Walt & I went out for dinner this evening to Applebee's. The food wasn't nearly as good as it should have been. Oh well, better luck next time.

Email & Newsletter Gleanings:

Lawyers should never ask a Mississippi grandma a question if they aren't prepared for the answer.

In a trial, a Southern small-town prosecuting attorney called his first witness, a grandmotherly, elderly woman to the stand. He approached her and asked, 'Mrs. Jones, do you know me?' She responded, 'Why, yes, I do know you, Mr. Williams. I've known you since you were a boy, and frankly, you've been a big disappointment to me. You lie, you cheat on your wife, and you manipulate people and talk about them behind their backs. You think you're a big shot when you haven't the brains to realize you'll never amount to anything more than a two-bit paper pusher. Yes, I know you.'

The lawyer was stunned. Not knowing what else to do, he pointed across the room and asked, 'Mrs. Jones, do you know the defense attorney?'

She again replied, 'Why yes, I do. I've known Mr. Bradley since he was a youngster, too. He's lazy, bigoted, and he has a drinking problem. He can't build a normal relationship with anyone, and his law practice is one of the worst in the entire state. Not to mention he cheated on his wife with three different women. One of them was your wife. Yes, I know him.'

The defense attorney nearly died.

The judge asked both counselors to approach the bench and, in a very quiet voice, said, 'If either of you idiots asks her if she knows me, I'll send you both to the electric chair.'

BANNED FROM WALMART...........


This is why women should not take men shopping against their will.

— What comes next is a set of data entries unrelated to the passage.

(* Averaging over mu x mu: by meet_ind_le_cross and symmetry, the mu-mass of
   meeting pairs is at most 2 d th times the total mass of mu. *)
Lemma meeting_mass_bound d H mu th : 0 <= th -> (forall i, 0 <= mu i) ->
  (forall i, (i < length H)%nat -> (length (edge H i) <= d)%nat) ->
  (forall p, In p (endpoints H) -> load H mu p <= th) ->
  sumn (length H) (fun i => mu i * sumn (length H) (fun j => mu j * meet_ind H i j))
  <= sumn (length H) (fun i => mu i * (2 * INR d * th)).
Proof.
  intros Hth Hmu Hlen Hload. set (n := length H).
  set (X := sumn n (fun i => mu i * sumn n (fun j => mu j * cross H i j))).
  assert (Hsplit : sumn n (fun i => mu i * sumn n (fun j => mu j * meet_ind H i j))
                   <= X + sumn n (fun i => mu i * sumn n (fun j => mu j * cross H j i))).
  { unfold X. rewrite <- sumn_plus. apply sumn_le. intros i _.
    rewrite <- Rmult_plus_distr_l, <- sumn_plus. apply Rmult_le_compat_l; auto.
    apply sumn_le. intros j _. rewrite <- Rmult_plus_distr_l.
    apply Rmult_le_compat_l; auto. apply meet_ind_le_cross. }
  assert (Hsym : sumn n (fun i => mu i * sumn n (fun j => mu j * cross H j i)) = X).
  { unfold X. transitivity (sumn n (fun i => sumn n (fun j => mu j * (mu i * cross H j i)))).
    - apply sumn_ext; intros; rewrite <- sumn_scal; apply sumn_ext; intros; ring.
    - rewrite sumn_swap.
      apply sumn_ext; intros; rewrite <- sumn_scal; apply sumn_ext; intros; ring. }
  assert (HX : X <= sumn n (fun i => mu i * (INR d * th))).
  { apply sumn_le. intros i Hi. apply Rmult_le_compat_l; auto.
    apply cross_load_bound; auto. }
  replace (sumn n (fun i => mu i * (2 * INR d * th)))
    with (2 * sumn n (fun i => mu i * (INR d * th))); [lra|].
  rewrite <- sumn_scal. apply sumn_ext; intros; ring.
Qed.

Lemma low_meeting_edge d H mu th : 0 <= th -> (forall i, 0 <= mu i) ->
  (forall i, (i < length H)%nat -> (length (edge H i) <= d)%nat) ->
  (forall p, In p (endpoints H) -> load H mu p <= th) ->
  (exists i, (i < length H)%nat /\ 0 < mu i) ->
  exists i0, (i0 < length H)%nat /\ 0 < mu i0 /\
    sumn (length H) (fun j => mu j * meet_ind H i0 j) <= 2 * INR d * th.
Proof.
  intros Hth Hmu Hlen Hload [i [Hi Hpos]]. apply NNPP. intros Hno.
  assert (Hbig : forall k, (k < length H)%nat -> 0 < mu k ->
                 2 * INR d * th < sumn (length H) (fun j => mu j * meet_ind H k j)).
  { intros k Hk Hk'. apply Rnot_le_lt. intros Hle. apply Hno. exists k; auto. }
  pose proof (meeting_mass_bound d H mu th Hth Hmu Hlen Hload) as Hmass.
  apply (Rle_not_lt _ _ Hmass). apply sumn_lt.
  - intros k Hk. destruct (Rle_lt_or_eq_dec 0 (mu k) (Hmu k)) as [Hk'|<-]; [|lra].
    apply Rmult_le_compat_l; [lra|]. apply Rlt_le, Hbig; auto.
  - exists i. split; auto. apply Rmult_lt_compat_l; auto.
Qed.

After Mr. and Mrs. Fenton retired, Mrs. Fenton insisted her husband accompany her on her trips to Wal-Mart. Unfortunately, Mr. Fenton was like most men--he found shopping boring and preferred to get in and get out. Equally unfortunately, Mrs. Fenton was like most women--she loved to browse. One day Mrs. Fenton received the following letter from her local Wal-Mart.

Dear Mrs. Fenton,

Over the past six months, your husband has been causing quite a commotion in our store. We cannot tolerate this behavior and may be forced to ban both of you from the store. Our complaints against Mr. Fenton are listed below and are documented by our video surveillance cameras.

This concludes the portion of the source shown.